All too often, I get satisfied with capturing 'single themed photographs' where there is one major piece of content in the photo. For example, let's say my child is digging for worms in the back yard and the light is perfect. I quickly raise my camera, position my little guy in the frame where I want them...and SNAP....I have a decent photo.

But does this photo tell a story?

One thing I try to accomplish when attempting family photojournalism is to tell a story with an image. As I analyze my own work, I'm finding that singular themed photographs (while nice in many cases) just are not that deep and do not always tell the whole story.

More and more I am attempting to focus on having at least two pieces of content in my photographs. I'm finding that the more I concentrate on this, the 'deeper' my photos are becoming.

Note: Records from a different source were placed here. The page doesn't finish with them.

Theorem theorem6p6 (C : numClosedFieldType) (n : nat) (d : 'I_n -> nat)
    (rho : forall i : 'I_n, 'M[C]_(d i))
    (hrho : forall i : 'I_n, density_matrix (rho i))
    (X : op C (basis d)) (hX : op_hermitian X) :
  variance (prod_state rho) X <=
    \sum_(i < n) expect (prod_state rho)
                   (opmul (condD rho i X) (condD rho i X)).
Proof.
have rho_her i : op_hermitian (rho i) by have [] := hrho i.
have rho_psd i : op_psd (rho i) by have [_ []] := hrho i.
have rho_tr i : \tr (rho i) = 1 by have [_ []] := hrho i.
exact: variance_le_sum_condD.
Qed.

Take the photo below as an example. I came home from work and went on the back deck to find my wife feeding our youngest child on the table while my two other children circled her like wild banshees. I was first drawn to my wife feeding our child in his new seat (first time he was in it) but I literally told myself, "eh, thats boring, the light is dull, and I have TONS of photos of my children eating." But there was more there. My other children were riding scooters, so I began to think about how to incorporate them into the scene. I knew that my primary piece of content was my wife feeding my child, but I needed a second piece. I grabbed my camera (1ds2 + 24L) and sat down against the rails of my deck and I waited for my children to pass by the frame. When my middle child entered the frame, he looked at me, I pressed the shutter. Think just how different this photo would be if it was just my wife feeding my child WITHOUT my son looking into the camera, riding a scooter, WEARING A SCUBA MASK!:

As another example, the photo below illustrates how multiple layers of content can add to the strength of an image. My wife was snuggling with our youngest on the couch. I even took photos of them...just her and him...on the couch...boring! But when I stepped back from the scene, there was SO MUCH MORE THERE. My other children were playing the most bizarre game of go fish and were really enjoying themselves. The 1ds2 + 24L was the weapon of choice again. My primary piece of content is my wife and newborn with my secondary piece of content being my older children playing cards. I used a center composition with my older children framing my primary piece of content:

Finally, the image below is really special to our family. My wife was just a few days away from delivering our third child (the little guy pictured above). Our house was a wreck, yet there was still so much to do. My wife worked tirelessly to make sure our little guy came home to a place conducive to raising a child! This was the end of a very long day for all of us. The older children were snuggled up watching a movie, but my wife was busy folding laundry. Think how different this scene would be if I just photographed my wife, or just the kids. Camera was the 5d2 + 24L:

So, my challenge to you all would be to wait before you press that shutter. Look around, try to find something else that is going on so that you can add some depth to your photographs! But be patient, it ain't easy!